This interview took place in July 2000 at the time of release of the “Sanctuary” CD.
First, I really enjoyed your new CD and wish you much success with it. What inspired you to take up the shakuhachi flute and how long have you been playing it? How did you get into music to start with?
I’m glad to read that you liked the CD. I should point out that it is not new for me, as I recorded it nearly 20 years ago! I was inspired to take up the shakuhachi mainly by the sound of the instrument (which I first heard on the venerable but still popular Tony Scott album “Music for Zen Meditation”); and secondly by a series of circumstances or coincidences which got me to Japan and with a teacher. I began lessons in Japan in 1971. So I’ve been playing for almost 30 years.
But how many years someone has been playing a musical instrument is relatively meaningless. Some of my students practice only 30 min. a week; others practice 3 hrs a day. The former will have played their instruments only 26 hrs the entire year, while the latter will play the same amount of time in only 9 days! (I would be in the latter category; I was averaging 6-7 hrs a day during the first decade.)
I first began playing piano at the age of 8, but gave it up for football after two years. I played French horn for 5 years in school band, and was bass guitarist in a rock band in 1965-1966. Also, I played taiko (Japanese festival drums) professionally for 3 years with the group now called Kodo. I co- founded, with Ian Cleworth, Australia’s premier taiko group “TaikOz” 3 or 4 years ago, and play them as often as possible. The balance between the flute and the drums is a good one.
What inspired the composition of your new CD?
The inspiration of the CD was (as near as I can remember) an interesting and very personal combination of ‘nature’ as I remembered it best in Japan and ‘nature’ as I knew so well in Hawai’i, where I grew up and where we were living when the recording was made. Japan and Hawai’i are quite different in their natural environment, but the beauty of, and at time the inner quietness received from both environments are very similar.
How do you prepare yourself when composing? Do you work out? If so, what do you do, do you meditate, practice martial arts, etc?

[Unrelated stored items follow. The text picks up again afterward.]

(* Let $\Omega\subset\mathbb{R}^n$ be a convex body. For any $\varepsilon\in[0,\mathrm{In}(\Omega)]$, $$\mathrm{vol}(L_\varepsilon(\Omega))\le g(\varepsilon):=\mathrm{vol}(\Omega)\left(1-\Big(1-\frac{\varepsilon}{\mathrm{In}(\Omega)}\Big)^{n}\right).$$
   Context: A convex body is a convex, closed subset of $\mathbb{R}^n$ with non-empty interior. $\mathrm{vol}$ is $n$-dimensional Lebesgue measure. $\mathrm{In}(\Omega)$ is the inradius of $\Omega$: the radius of the largest ball contained in $\Omega$. The $\varepsilon$-inner neighbourhood is $L_\varepsilon(\Omega)=\{x\in\Omega:\|x-y\|\le\varepsilon\text{ for some }y\in\partial\Omega\}$. *)

From HB Require Import structures.
From mathcomp Require Import all_boot all_order all_algebra.
From mathcomp Require Import all_classical all_reals all_analysis.
Set Implicit Arguments. Unset Strict Implicit. Unset Printing Implicit Defensive.
Import Order.TTheory GRing.Theory Num.Theory.
Import numFieldNormedType.Exports.
Local Open Scope classical_set_scope.
Local Open Scope ring_scope.

Section Defs.
Variables (R : realType) (n : nat).
Local Notation V := 'rV[R]_n.

(** Euclidean norm on R^n (the default norm on 'rV in MathComp is the sup norm). *)
Definition enorm (x : V) : R := Num.sqrt (\sum_(i < n) (x ord0 i) ^+ 2).

Definition eball (c : V) (r : R) : set V := [set x | enorm (x - c) <= r].

(** Convex body: convex, closed, non-empty interior
    (topology of 'rV = product topology = Euclidean topology). *)
Definition convex_body (O : set V) : Prop :=
  [/\ @convex_set R V O, closed O & interior O !=set0].

Definition bd (O : set V) : set V := closure O `\` interior O.
(* Let $\overline{\Gamma'}$ be the undirected graph with vertex set $\Z[\tfrac12]$ in which two distinct vertices $f,g$ are adjacent iff $|f-g|=2^i$ for some $i\in\Z$. For $n\ge1$ let $e(n)$ be the number of unordered pairs $\{x,y\}\subset\{1,\dots,n\}$ with $|x-y|$ a power of $2$ (equivalently $e(n)=kn-2^k+1$ where $2^{k-1}<n\leq2^k$). Then every subgraph $G$ of $\overline{\Gamma'}$ with $n$ vertices satisfies $|E(G)|\leq e(n)$. *)

From mathcomp Require Import all_boot all_order all_algebra.
Set Implicit Arguments. Unset Strict Implicit. Unset Printing Implicit Defensive.
Import Order.TTheory GRing.Theory Num.Theory.
Local Open Scope ring_scope.

(* Z[1/2] as the dyadic rationals: denominator (in lowest terms) a power of 2. *)
Definition dyadic (q : rat) : Prop := exists k : nat, denq q = (2 ^ k)%N%:Z.

Definition adj (f g : rat) : Prop :=
  f <> g /\ exists i : int, `|f - g| = (2%:Q) ^ i.

Definition is_pow2 (d : nat) : bool := [exists k : 'I_d.+1, d == (2 ^ k)%N].

(* e(n) = number of unordered pairs {x,y} of {1..n} (here encoded as {0..n-1},
   shift-invariant) with |x - y| a power of 2; pairs counted with x < y. *)
Definition e (n : nat) : nat :=
  #|[set p : 'I_n * 'I_n | (p.1 < p.2)%N & is_pow2 (p.2 - p.1)%N]|.

From mathcomp Require Import all_boot all_order all_algebra.
From mathcomp Require Import zify.
Import Order.TTheory GRing.Theory Num.Theory.

(* Scaling by a common power of 2 and translating maps the vertices to distinct
   naturals and every edge to a pair x < y with y - x a power of 2, so it suffices
   to count such pairs in a finite set W of naturals.  Split W into its odd part B
   and its even part A: halving is an isomorphism on each part, while an edge
   between the parts has odd length, hence length 1.  Such unit steps form a path
   and give each vertex at most one successor and one predecessor, so there are at
   most min(|W| - 1, 2 min(|A|, |B|)) of them.  Induction on the largest element
   thus reduces the theorem to
     e(a) + e(b) + min(a + b - 1, 2 min(a, b)) <= e(a + b),
   which follows by strong induction from e(n) = e(floor(n/2)) + e(ceil(n/2)) + n - 1,
   the same splitting applied to {0, ..., n - 1}. *)

Set Implicit Arguments.
Unset Strict Implicit.
Unset Printing Implicit Defensive.

Section PairCounting.
Variable T : eqType.

Definition ncross (r : rel T) (A B : seq T) : nat := \sum_(x <- A) \sum_(y <- B) r x y.

Definition nedges (r : rel T) (s : seq T) : nat := ncross r s s.

Lemma nedges_cat r A B :
  nedges r (A ++ B) = nedges r A + nedges r B + (ncross r A B + ncross r B A).
Proof.
rewrite /nedges /ncross big_cat /=.
under eq_bigr do rewrite big_cat /=.
under [X in _ + X]eq_bigr do rewrite big_cat /=.
rewrite !big_split /=; lia.
Qed.

Lemma nedges_perm r A B : perm_eq A B -> nedges r A = nedges r B.
Proof.
move=> eqAB; rewrite /nedges /ncross (perm_big _ eqAB) /=.
by apply: eq_bigr => x _; apply: perm_big.
Qed.

Lemma nedges_filterC r (a : pred T) s :
  nedges r s = nedges r (filter a s) + nedges r (filter (predC a) s)
               + (ncross r (filter a s) (filter (predC a) s)
                  + ncross r (filter (predC a) s) (filter a s)).
Proof. by rewrite -nedges_cat; apply/nedges_perm; rewrite perm_sym perm_filterC. Qed.

Lemma size_pairs_le_nedges r s (E : seq (T * T)) :
  uniq E -> (forall p, p \in E -> [&& p.1 \in s, p.2 \in s & r p.1 p.2]) ->
  size E <= nedges r s.
Proof.
move=> uE Es.
have -> : nedges r s = count (fun p => r p.1 p.2) [seq (x, y) | x <- s, y <- s].
  rewrite /nedges /ncross -sum1_count [RHS]big_mkcond big_allpairs /=.
  by apply: eq_bigr => x _; apply: eq_bigr => y _; case: (r x y).
rewrite -size_filter; apply: uniq_leq_size => // -[x y] /Es /and3P [xs ys rxy].
by rewrite mem_filter rxy allpairs_f.
Qed.

End PairCounting.

Lemma nedges_map (T U : eqType) (f : T -> U) (r : rel T) (r' : rel U) s :
  {in s &, forall x y, r x y = r' (f x) (f y)} -> nedges r s = nedges r' (map f s).
Proof.
move=> rf; rewrite /nedges /ncross big_map; apply: eq_big_seq => x xs.
by rewrite big_map; apply: eq_big_seq => y ys; rewrite rf.
Qed.

Lemma is_pow2P d : reflect (exists k, d = 2 ^ k) (is_pow2 d).
Proof.
apply: (iffP existsP) => [[k /eqP ->]|[k ->]]; first by exists k.
have k_lt : k < (2 ^ k).+1 by rewrite ltnS ltnW // ltn_expl.
by exists (Ordinal k_lt).
Qed.

Lemma is_pow2_double d : is_pow2 d.*2 = is_pow2 d.
Proof.
apply/is_pow2P/is_pow2P => [[[|k] dk]|[k ->]]; last by exists k.+1; rewrite expnS mul2n.
  by move: dk => /(congr1 odd); rewrite odd_double.
by exists k; move/eqP: dk; rewrite expnS -mul2n eqn_pmul2l // => /eqP.
Qed.

Lemma is_pow2_odd d : odd d -> is_pow2 d = (d == 1).
Proof.
move=> odd_d; apply/is_pow2P/eqP => [[[|k] dk]|->]; [by [] | | by exists 0].
by move: odd_d; rewrite dk expnS oddM.
Qed.

Definition pow2_rel : rel nat := fun x y => (x < y) && is_pow2 (y - x).

Definition succ_rel : rel nat := fun x y => y == x.+1.

Lemma pow2_rel_half x y : odd x = odd y -> pow2_rel x y = pow2_rel x./2 y./2.
Proof.
move=> oddxy; rewrite -[in LHS](odd_double_half x) -[in LHS](odd_double_half y) oddxy.
by rewrite /pow2_rel ltn_add2l ltn_double subnDl -doubleB is_pow2_double.
Qed.

Lemma succ_rel_parity x y : odd x = odd y -> succ_rel x y = false.
Proof. by move=> oddxy; apply/eqP => yx; move: oddxy; rewrite yx /=; case: (odd x). Qed.

Lemma pow2_rel_parity x y : odd x != odd y -> pow2_rel x y = succ_rel x y.
Proof.
rewrite /pow2_rel /succ_rel => oddxy; case: (ltnP x y) => [xy|yx].
  rewrite andTb is_pow2_odd; first by rewrite -(eqn_add2r x) (subnK (ltnW xy)) add1n.
  by rewrite (oddB (ltnW xy)) addbC; case: (odd x) (odd y) oddxy => [] [].
by apply/esym/eqP => yx'; move: yx; rewrite yx' ltnn.
Qed.

Lemma filter_odd_same_parity W : {in filter odd W &, forall x y, odd x = odd y}.
Proof. by move=> x y; rewrite !mem_filter => /andP[-> _] /andP[-> _]. Qed.

Lemma filter_even_same_parity W :
  {in filter (predC odd) W &, forall x y, odd x = odd y}.
Proof. by move=> x y; rewrite !mem_filter => /andP[/negbTE -> _] /andP[/negbTE -> _]. Qed.

Lemma filter_odd_even_parity W :
  {in filter odd W & filter (predC odd) W, forall x y, odd x != odd y}.
Proof. by move=> x y; rewrite !mem_filter => /andP[-> _] /andP[]. Qed.

Lemma nedges_succ_same_parity C :
  {in C &, forall x y, odd x = odd y} -> nedges succ_rel C = 0.
Proof.
move=> sameC; rewrite /nedges /ncross big1_seq // => x /andP[_ xC].
by rewrite big1_seq // => y /andP[_ yC]; rewrite succ_rel_parity // (sameC x y).
Qed.

Lemma ncross_pow2_diff_parity C D : {in C & D, forall x y, odd x != odd y} ->
  ncross pow2_rel C D = ncross succ_rel C D.
Proof.
move=> CD; apply: eq_big_seq => x xC; apply: eq_big_seq => y yD.
by rewrite pow2_rel_parity // CD.
Qed.

Lemma nedges_succ_parity_split W :
  nedges succ_rel W = ncross succ_rel (filter odd W) (filter (predC odd) W)
                      + ncross succ_rel (filter (predC odd) W) (filter odd W).
Proof.
rewrite (nedges_filterC _ odd) !nedges_succ_same_parity //.
  exact: filter_even_same_parity.
exact: filter_odd_same_parity.
Qed.

Lemma nedges_pow2_parity_split W :
  nedges pow2_rel W = nedges pow2_rel (map half (filter odd W))
                      + nedges pow2_rel (map half (filter (predC odd) W))
                      + nedges succ_rel W.
Proof.
rewrite (nedges_filterC _ odd) nedges_succ_parity_split.
rewrite !ncross_pow2_diff_parity; first last.
- exact: filter_odd_even_parity.
- by move=> x y xA yB; rewrite eq_sym (filter_odd_even_parity yB xA).
rewrite -!(nedges_map (r := pow2_rel)) // => x y xC yC; apply: pow2_rel_half.
  exact: (filter_even_same_parity xC yC).
exact: (filter_odd_same_parity xC yC).
Qed.

Lemma sum_succ_rel_l x B : uniq B -> \sum_(y <- B) succ_rel x y = (x.+1 \in B).
Proof. by move=> uB; rewrite -count_uniq_mem // -sum1_count [RHS]big_mkcond. Qed.

Lemma ncross_succ_le_l A B : uniq B -> ncross succ_rel A B <= size A.
Proof.
move=> uB; rewrite /ncross -sum1_size; apply: leq_sum => x _.
by rewrite sum_succ_rel_l ?leq_b1.
Qed.

Lemma ncross_succ_le_r A B : uniq A -> ncross succ_rel A B <= size B.
Proof.
move=> uA; rewrite /ncross exchange_big -sum1_size; apply: leq_sum => y _.
apply: leq_trans (leq_b1 (y.-1 \in A)).
rewrite -count_uniq_mem // -sum1_count [X in _ <= X]big_mkcond leq_sum // => x _.
by rewrite /succ_rel; case: eqP => //= ->; rewrite eqxx.
Qed.

Lemma bigmax_mem_seq (s : seq nat) : s != [::] -> \max_(x <- s) x \in s.
Proof.
elim: s => // a s IH _; rewrite big_cons /= inE.
case: (eqVneq s [::]) => [->|/IH]; first by rewrite big_nil maxn0 eqxx.
set M := \max_(j <- s) j => Ms.
by case: (leqP a M); rewrite ?Ms ?eqxx ?orbT.
Qed.

Lemma nedges_succ_le W : uniq W -> nedges succ_rel W <= (size W).-1.
Proof.
move=> uW; case: (eqVneq W [::]) => [->|/bigmax_mem_seq maxW].
  by rewrite /nedges /ncross big_nil.
set m := \max_(x <- W) x in maxW.
have succ_m : m.+1 \notin W.
  by apply/negP => /(@leq_bigmax_seq _ W xpredT (fun x => x)) /(_ isT); rewrite ltnn.
rewrite /nedges /ncross (bigD1_seq m) //= sum_succ_rel_l // (negbTE succ_m) add0n.
apply: (@leq_trans (\sum_(i <- W | i != m) 1)).
  by apply: leq_sum => i _; rewrite sum_succ_rel_l ?leq_b1.
by rewrite sum1_count -(count_predC (pred1 m)) count_uniq_mem // maxW.
Qed.

Definition cross_bound a b := minn (a + b).-1 (minn a b).*2.

Lemma nedges_succ_le_cross_bound W : uniq W ->
  nedges succ_rel W <= cross_bound (size (filter odd W)) (size (filter (predC odd) W)).
Proof.
move=> uW; set B := filter odd W; set A := filter (predC odd) W.
have sizeW : size W = size B + size A by rewrite !size_filter count_predC.
rewrite leq_min -sizeW nedges_succ_le //= nedges_succ_parity_split -/B -/A -addnn.
by apply: leq_add; rewrite leq_min ncross_succ_le_l ?ncross_succ_le_r ?filter_uniq.
Qed.

Lemma e_iota n : e n = nedges pow2_rel (iota 0 n).
Proof.
have iotaE : iota 0 n = index_iota 0 n by rewrite /index_iota subn0.
rewrite /nedges /ncross iotaE big_mkord; under eq_bigr do rewrite big_mkord.
rewrite pair_big /= /e cardsE -sum1_card big_mkcond /=; apply: eq_bigr => -[i j] _.
by rewrite unfold_in /pow2_rel; case: (_ && _).
Qed.

Lemma map_half_filter_odd_iota n : map half (filter odd (iota 0 n)) = iota 0 n./2.
Proof.
elim: n => // n IH; rewrite -addn1 iotaD filter_cat map_cat IH /= add0n addn1.
rewrite [_.+1./2]/= uphalf_half addnC iotaD.
by case: (odd n); rewrite /= ?cats0 ?add0n.
Qed.

Lemma map_half_filter_even_iota n :
  map half (filter (predC odd) (iota 0 n)) = iota 0 (uphalf n).
Proof.
elim: n => // n IH; rewrite -addn1 iotaD filter_cat map_cat IH /= add0n addn1.
rewrite [uphalf n.+1]/= -addn1 iotaD add0n uphalf_half [odd n + _]addnC iotaD.
by case: (odd n); rewrite /= ?cats0 ?add0n.
Qed.

Lemma nedges_succ_iota n : nedges succ_rel (iota 0 n) = n.-1.
Proof.
case: n => [|n]; first by rewrite /nedges /ncross big_nil.
rewrite /nedges /ncross (eq_big_seq (fun x => (x < n) : nat)) => [|x _]; last first.
  by rewrite sum_succ_rel_l ?iota_uniq // mem_iota.
rewrite -addn1 iotaD big_cat big_seq1 /= ltnn addn0 (eq_big_seq (fun=> 1)).
  by rewrite sum1_size size_iota addn1.
by move=> x; rewrite mem_iota => /andP[_ ->].
Qed.

Lemma e_half_rec n : e n = e n./2 + e (uphalf n) + n.-1.
Proof.
rewrite !e_iota nedges_pow2_parity_split nedges_succ_iota.
by rewrite map_half_filter_odd_iota map_half_filter_even_iota.
Qed.

Lemma e_add_split a b :
  e (a + b) = e (a./2 + uphalf b) + e (uphalf a + b./2) + (a + b).-1.
Proof.
rewrite [LHS]e_half_rec.
have [[-> ->]|[-> ->]] :
  ((a + b)./2 = a./2 + uphalf b /\ uphalf (a + b) = uphalf a + b./2) \/
  ((a + b)./2 = uphalf a + b./2 /\ uphalf (a + b) = a./2 + uphalf b) by lia.
  by [].
by rewrite [X in X + _ = _]addnC.
Qed.

Lemma e0 : e 0 = 0.
Proof. by rewrite e_iota /nedges /ncross big_nil. Qed.

Lemma cross_bound_half a b : 0 < a -> 0 < b ->
  cross_bound a b + a.-1 + b.-1 <=
  cross_bound a./2 (uphalf b) + cross_bound (uphalf a) b./2 + (a + b).-1.
Proof. rewrite /cross_bound; lia. Qed.

Lemma e_add_ge a b : e a + e b + cross_bound a b <= e (a + b).
Proof.
have [n] := ubnP (a + b); elim: n a b => // n IH a b ab_lt.
case: (posnP a) => [->|a_gt0]; first by rewrite e0 !add0n /cross_bound; lia.
case: (posnP b) => [->|b_gt0]; first by rewrite e0 !addn0 /cross_bound; lia.
have IH1 := IH (a./2) (uphalf b) ltac:(lia).
have IH2 := IH (uphalf a) (b./2) ltac:(lia).
rewrite e_add_split [e a]e_half_rec [e b]e_half_rec.
have := cross_bound_half a_gt0 b_gt0; lia.
Qed.

Lemma half_inj_same_parity (C : seq nat) :
  {in C &, forall x y, odd x = odd y} -> {in C &, injective half}.
Proof.
move=> sameC x y xC yC xy; rewrite -(odd_double_half x) -(odd_double_half y).
by rewrite xy (sameC x y).
Qed.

I enjoy long distance running and swimming. I used to do a fair bit of bicycling. Snorkelling is high on the list of pleasurable activities. In the late 1970s, while living in Japan as a member of the taiko group now called Kodo, I ran marathons, but these days the distances are 10 kms or less. I also work out at a local gym when possible. Playing the shakuhachi is my meditation, as it has been for many shakuhachi players for centuries. This practice is called ‘blowing zen’. Though I firmly believe that regular seated meditation is essential in addition to “blowing zen”, I don’t practice what I preach.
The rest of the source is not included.